The Company is also in the process of transfer of shares in respect of
which dividends remain unclaimed for last 7 years or more to IEPF account. Members may
after completing the necessary formalities, claim their unclaimed dividends immediately to
avoid transfer of the underlying shares to the IEPF.
Year-wise amounts of unpaid / unclaimed dividends lying in the unpaid
accounts up to the year, and the corresponding shares, which are liable to be transferred
are available on our website, at https://
www.sicagen.com/investors/unpaid-dividends-share-transfer-to-iepf/
13. Particulars relating to conservation of energy, technology
absorption, foreign exchange earnings and outgo
Particulars required to be disclosed under Section 134 of the Companies
Act, 2013 read with the Rule 8(3) of the Companies (Accounts) Rules, 2014 relating to
conservation of energy, technology absorption, foreign exchange earnings and outgo are
given in Annexure I, which forms part of this Report.
14. Risk Management Policy
Risk Management Policy for identifying and managing risk, at the
strategic, operational and tactical level, has been adopted by the Company. Our risk
management practices are designed to be responsive to the ever-changing Industry dynamics.

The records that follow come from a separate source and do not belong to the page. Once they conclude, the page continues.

Theorem mainTheorem9 (p n : nat) (hp : prime p) (f : mpoly n p) (m : expo n p) :
  (forall x : point n p, (forall i, insupp m i -> x i = 0) ->
     fdiff m (meval f) x =
     \sum_(l : expo n p | supported m l && (gpart (fS f m) m l != 0))
        cconst m l * meval (gpart (fS f m) m l) x)
  /\
  ((forall e : expo n p, fS f m e != 0 -> forall i, insupp m i -> (e i : nat) = 0%N) ->
   forall x : point n p,
     fdiff m (meval f) x =
     (\prod_(i < n | insupp m i) (m i)`!)%:R * meval (fS f m) x).
Proof.
split=> [x x0|fS_free x]; last exact: fdiff_meval_fS_free.
rewrite fdiff_meval_on_zero // big_mkcondr; apply: eq_bigr => l _.
case: eqP => [->|//].
by rewrite /meval big1 ?mulr0 // => e _; rewrite ffunE mul0r.
Qed.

At present the Company has not identified any element of risk which may threaten the
existence of the Company. However, the Constitution of a Risk Management Committee as per
Regulation 21 of the SEBI (Listing Obligations and Disclosure Requirements) Regulations
2015 is not applicable to the Company.
15. Corporate Social Responsibility (CSR)
The Company has constituted a CSR Committee of Board of Directors and
has adopted a CSR Policy. The same is posted in the Company's website at
https://www.sicagen.com/ investors/policies/
The Company is carrying out its CSR activities through AM Foundation,
Not-For-Profit Organisation. A report in prescribed format detailing the CSR expenditure
for the year 2024-25 forming part of this report is attached herewith as separate Annexure
II.
16. Evaluation of Board
Your Company has a structured framework for evaluation of the
Individual Directors, Chairperson, Board as a whole and its committees. The Independent
Directors at their Meeting held on 21.03.2025 evaluated the performance of Non-
Independent Directors, Board as a whole, Chairperson and assessed the
quality, quantity and timeliness of flow of information between the Company Management and
the Board that is necessary for the Board to effectively and reasonably perform their
duties.
The Board of Directors at their Meeting held on 26.03.2025 evaluated
the performance of all Independent Directors and the Board as a whole and its committees
and assessed the quality, quantity and timeliness of flow of information between the
Company Management and the Board through circulation of questionnaires, to assess the
performance on select parameters relating to roles, responsibilities and obligations of
the Board and functioning of the Committees. The evaluation criteria were based on the
participation, contribution and guidance offered and understanding of the areas etc.,
which are relevant to the Directors in their capacity as Members of the Board/Committees.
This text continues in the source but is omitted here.